If I new in advance the number of nodes, say $m$, I know that if it is not connected, then there should be a connected component of at most $\lfloor \frac{m}{2}\rfloor$ nodes and I could write equations to detect whether there is a connected component with $l$ verticies for each $1\leq l\leq \lfloor \frac{m}{2}\rfloor$. However, this is not the case, I should be able to write all the restrictions before I know the input.
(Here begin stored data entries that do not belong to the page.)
(* Let $0<\alpha<1$, $\sigma>0$, $N_1$ a positive integer, $h=\sigma^2\alpha^2$, $T=\sigma\alpha\sqrt{N_1}$, $\kappa=\frac\alpha{1-\alpha}$, and let $n\ge1$ be an integer. For $x\in(0,1]$ and complex $u\notin(-\infty,0]$ let $$f(u,x)=\frac{\sin(\alpha\pi)}{\alpha\pi}\frac{1}{2\sqrt u}\frac{xe^{\sqrt u-T}}{e^{\frac1\alpha(\sqrt u-T)}+x}$$ (principal branch of $\sqrt u$). Let $u^*=\frac{1+(1-2\alpha)\sqrt{4\alpha-4\alpha^2+1}}{2(1-\alpha)^2}$, $\gamma=\alpha\log\!\Big(\frac{\frac1\kappa\sqrt{u^*}+1}{\sqrt{u^*}-1}\Big)+\sqrt{u^*}$, $x^*=e^{\frac1\alpha(\gamma-T)}$, $M_0=2\max\left\{\frac{\sigma^2}{4},1+\mathrm{ceil}\!\left(\frac{9\pi^2}{\sigma^2}\right),2\,\mathrm{ceil}\!\left[\left(1+\sqrt{\pi/\sigma}\right)^4\right]\right\}$, and $\Upsilon=\{x\in[x^*,1]:(T+\alpha\log x)^2-\alpha^2\pi^2>M_0h\}$. For $x\in\Upsilon$ put $a=2\alpha\pi(T+\alpha\log x)$. Then $$\left|\int_0^{2a}\big[f(h+it,x)-f(h-it,x)\big]e^{-\frac{2n\pi}{h}t}\,\mathrm{d}t\right|=\left(\frac{e^h}{h^2}\int_0^1te^{-\frac{2n\pi}{h}t}\,\mathrm{d}t+\frac{e^{\sqrt h}}{\sqrt h}\int_1^{+\infty}\frac{e^{\sqrt t}}{\sqrt t}e^{-\frac{2n\pi}{h}t}\,\mathrm{d}t\right)\mathcal{O}(e^{-T})$$ uniformly for $x\in\Upsilon$, with the constant in the $\mathcal{O}$ term independent of $T$, $n$, $x$, $h$, $\alpha$ and $\sigma$.
   Context: $\mathrm{ceil}(y)$ is the least integer $\ge y$. *)

From Stdlib Require Import Reals.
From Coquelicot Require Import Coquelicot.
Open Scope R_scope.

(* ceil y = least integer >= y.  Stdlib's [up r] is the unique integer with
   r < up r <= r + 1, so up r - 1 = floor r and ceil y = - floor (- y). *)
Definition ceilR (y : R) : R := - (IZR (up (- y)) - 1).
But even if I new the amount of vertices, the number of equations for this approach would be huge, so it would be highly inefficient.
If it helps, and example where the set of solutions provides only provide disconnected graphs is an input of 4 nodes with label 1, as they would be paired in two connected components of 2 vertices each one. So, for this input, the problem should be infeasible.
This type of constraint appears in political districting problems. See Imposing contiguity constraints in political districting models for several formulations.